> **EXERCISE AIM**
Below are some records; quote exactly the lines from the one that contains "(* The antipode" through the one that contains "rewrite sweedler_scaler; apply: eq_sweedler", inclusive, and no others.

> **TASK MATERIAL**

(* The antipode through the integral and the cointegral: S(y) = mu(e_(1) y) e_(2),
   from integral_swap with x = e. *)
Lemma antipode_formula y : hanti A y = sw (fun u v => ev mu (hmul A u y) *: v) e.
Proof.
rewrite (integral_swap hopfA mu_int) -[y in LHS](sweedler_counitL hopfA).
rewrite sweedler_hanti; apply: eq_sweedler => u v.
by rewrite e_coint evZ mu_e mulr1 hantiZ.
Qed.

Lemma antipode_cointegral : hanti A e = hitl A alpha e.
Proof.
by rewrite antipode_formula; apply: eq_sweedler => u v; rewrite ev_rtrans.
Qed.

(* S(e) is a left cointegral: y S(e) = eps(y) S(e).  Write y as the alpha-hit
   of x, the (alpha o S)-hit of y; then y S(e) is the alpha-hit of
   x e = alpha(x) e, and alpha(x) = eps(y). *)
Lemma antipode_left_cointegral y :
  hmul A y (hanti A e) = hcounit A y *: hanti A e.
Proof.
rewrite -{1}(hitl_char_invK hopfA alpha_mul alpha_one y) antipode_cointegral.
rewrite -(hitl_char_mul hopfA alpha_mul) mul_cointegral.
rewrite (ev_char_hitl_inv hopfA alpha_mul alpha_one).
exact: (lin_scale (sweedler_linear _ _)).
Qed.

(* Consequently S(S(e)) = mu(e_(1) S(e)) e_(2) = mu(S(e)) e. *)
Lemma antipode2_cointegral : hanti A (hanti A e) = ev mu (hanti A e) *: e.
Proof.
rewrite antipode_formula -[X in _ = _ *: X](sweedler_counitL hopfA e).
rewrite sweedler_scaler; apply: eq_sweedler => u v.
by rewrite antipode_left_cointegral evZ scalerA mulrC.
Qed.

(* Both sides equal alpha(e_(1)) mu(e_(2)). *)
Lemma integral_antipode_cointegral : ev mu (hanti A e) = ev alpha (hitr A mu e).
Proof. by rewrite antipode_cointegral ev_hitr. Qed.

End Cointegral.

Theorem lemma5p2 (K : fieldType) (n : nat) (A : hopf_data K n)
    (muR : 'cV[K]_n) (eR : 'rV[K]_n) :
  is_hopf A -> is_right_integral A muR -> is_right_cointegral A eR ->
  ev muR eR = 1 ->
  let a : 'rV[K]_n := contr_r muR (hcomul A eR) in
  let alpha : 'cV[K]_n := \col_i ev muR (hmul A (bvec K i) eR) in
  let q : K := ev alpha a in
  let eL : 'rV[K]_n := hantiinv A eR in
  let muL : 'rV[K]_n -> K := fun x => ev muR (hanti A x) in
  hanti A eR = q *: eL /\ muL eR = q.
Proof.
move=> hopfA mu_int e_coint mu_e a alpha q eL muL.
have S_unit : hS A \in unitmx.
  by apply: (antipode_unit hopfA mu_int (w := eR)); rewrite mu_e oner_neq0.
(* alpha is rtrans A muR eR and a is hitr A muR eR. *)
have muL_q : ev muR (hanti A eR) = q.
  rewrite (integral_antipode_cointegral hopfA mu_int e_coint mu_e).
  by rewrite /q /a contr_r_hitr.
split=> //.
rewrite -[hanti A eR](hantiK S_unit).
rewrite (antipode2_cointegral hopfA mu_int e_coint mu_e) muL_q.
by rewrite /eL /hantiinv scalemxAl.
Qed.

==

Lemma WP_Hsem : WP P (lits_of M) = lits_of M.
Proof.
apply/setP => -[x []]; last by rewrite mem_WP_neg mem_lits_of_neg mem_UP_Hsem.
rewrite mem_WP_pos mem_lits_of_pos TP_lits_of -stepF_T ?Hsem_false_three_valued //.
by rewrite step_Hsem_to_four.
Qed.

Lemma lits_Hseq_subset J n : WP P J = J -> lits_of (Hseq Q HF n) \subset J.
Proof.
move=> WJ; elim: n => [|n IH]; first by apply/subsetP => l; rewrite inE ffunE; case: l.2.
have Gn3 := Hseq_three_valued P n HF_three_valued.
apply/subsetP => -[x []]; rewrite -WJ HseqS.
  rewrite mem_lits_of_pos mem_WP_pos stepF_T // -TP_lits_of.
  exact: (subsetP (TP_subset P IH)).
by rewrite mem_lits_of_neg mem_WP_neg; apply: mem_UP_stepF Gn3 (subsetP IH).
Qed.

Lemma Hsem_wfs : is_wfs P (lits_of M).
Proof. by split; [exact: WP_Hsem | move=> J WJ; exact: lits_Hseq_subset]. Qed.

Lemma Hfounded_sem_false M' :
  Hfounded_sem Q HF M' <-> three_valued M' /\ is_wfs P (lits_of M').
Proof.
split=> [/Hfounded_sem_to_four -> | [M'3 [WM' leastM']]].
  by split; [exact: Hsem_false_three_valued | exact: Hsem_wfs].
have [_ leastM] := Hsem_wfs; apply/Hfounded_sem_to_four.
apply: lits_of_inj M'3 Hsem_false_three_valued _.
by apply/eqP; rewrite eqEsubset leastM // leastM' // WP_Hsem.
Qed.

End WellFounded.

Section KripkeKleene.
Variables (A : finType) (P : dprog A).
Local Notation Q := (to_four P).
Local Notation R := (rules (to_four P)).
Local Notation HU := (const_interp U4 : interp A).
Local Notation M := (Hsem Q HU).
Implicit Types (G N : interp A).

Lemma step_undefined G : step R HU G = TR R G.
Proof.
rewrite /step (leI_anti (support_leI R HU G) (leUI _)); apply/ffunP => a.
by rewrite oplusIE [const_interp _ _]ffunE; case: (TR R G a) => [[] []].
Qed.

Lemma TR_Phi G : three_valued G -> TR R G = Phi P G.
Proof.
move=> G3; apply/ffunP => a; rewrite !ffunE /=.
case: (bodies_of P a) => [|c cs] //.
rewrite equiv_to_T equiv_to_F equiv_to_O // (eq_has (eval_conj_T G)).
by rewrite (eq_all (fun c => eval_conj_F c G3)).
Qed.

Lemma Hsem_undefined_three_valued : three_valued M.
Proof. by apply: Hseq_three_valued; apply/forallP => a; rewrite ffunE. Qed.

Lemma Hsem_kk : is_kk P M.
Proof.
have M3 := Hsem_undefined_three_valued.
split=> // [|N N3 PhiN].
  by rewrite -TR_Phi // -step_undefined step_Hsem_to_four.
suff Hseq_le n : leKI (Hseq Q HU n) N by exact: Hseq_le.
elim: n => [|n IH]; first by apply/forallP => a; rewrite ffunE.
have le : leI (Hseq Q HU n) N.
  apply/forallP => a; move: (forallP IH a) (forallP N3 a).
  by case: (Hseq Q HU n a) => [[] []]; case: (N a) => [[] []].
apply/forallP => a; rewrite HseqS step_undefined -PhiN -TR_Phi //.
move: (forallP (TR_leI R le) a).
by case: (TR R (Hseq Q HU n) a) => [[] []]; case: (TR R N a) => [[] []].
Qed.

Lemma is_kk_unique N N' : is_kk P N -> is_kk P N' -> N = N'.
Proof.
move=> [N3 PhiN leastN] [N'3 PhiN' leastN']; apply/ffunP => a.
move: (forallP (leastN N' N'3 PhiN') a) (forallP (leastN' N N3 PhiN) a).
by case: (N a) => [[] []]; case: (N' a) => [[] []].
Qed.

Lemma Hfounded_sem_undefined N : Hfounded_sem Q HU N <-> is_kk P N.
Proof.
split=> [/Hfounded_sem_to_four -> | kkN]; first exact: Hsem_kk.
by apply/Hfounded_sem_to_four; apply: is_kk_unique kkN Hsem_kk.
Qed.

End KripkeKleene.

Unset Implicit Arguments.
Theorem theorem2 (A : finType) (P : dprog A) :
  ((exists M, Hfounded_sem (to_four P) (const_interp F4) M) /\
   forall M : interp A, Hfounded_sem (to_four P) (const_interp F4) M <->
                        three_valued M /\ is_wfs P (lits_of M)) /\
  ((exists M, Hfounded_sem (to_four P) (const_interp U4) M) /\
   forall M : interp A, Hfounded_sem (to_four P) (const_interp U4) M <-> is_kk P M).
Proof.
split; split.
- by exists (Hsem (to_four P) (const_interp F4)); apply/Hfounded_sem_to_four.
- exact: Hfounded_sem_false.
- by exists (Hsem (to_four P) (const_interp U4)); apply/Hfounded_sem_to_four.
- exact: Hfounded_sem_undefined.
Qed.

> **PROBLEM SOLUTION**
(* The antipode through the integral and the cointegral: S(y) = mu(e_(1) y) e_(2),
   from integral_swap with x = e. *)
Lemma antipode_formula y : hanti A y = sw (fun u v => ev mu (hmul A u y) *: v) e.
Proof.
rewrite (integral_swap hopfA mu_int) -[y in LHS](sweedler_counitL hopfA).
rewrite sweedler_hanti; apply: eq_sweedler => u v.
by rewrite e_coint evZ mu_e mulr1 hantiZ.
Qed.

Lemma antipode_cointegral : hanti A e = hitl A alpha e.
Proof.
by rewrite antipode_formula; apply: eq_sweedler => u v; rewrite ev_rtrans.
Qed.

(* S(e) is a left cointegral: y S(e) = eps(y) S(e).  Write y as the alpha-hit
   of x, the (alpha o S)-hit of y; then y S(e) is the alpha-hit of
   x e = alpha(x) e, and alpha(x) = eps(y). *)
Lemma antipode_left_cointegral y :
  hmul A y (hanti A e) = hcounit A y *: hanti A e.
Proof.
rewrite -{1}(hitl_char_invK hopfA alpha_mul alpha_one y) antipode_cointegral.
rewrite -(hitl_char_mul hopfA alpha_mul) mul_cointegral.
rewrite (ev_char_hitl_inv hopfA alpha_mul alpha_one).
exact: (lin_scale (sweedler_linear _ _)).
Qed.

(* Consequently S(S(e)) = mu(e_(1) S(e)) e_(2) = mu(S(e)) e. *)
Lemma antipode2_cointegral : hanti A (hanti A e) = ev mu (hanti A e) *: e.
Proof.
rewrite antipode_formula -[X in _ = _ *: X](sweedler_counitL hopfA e).
rewrite sweedler_scaler; apply: eq_sweedler => u v.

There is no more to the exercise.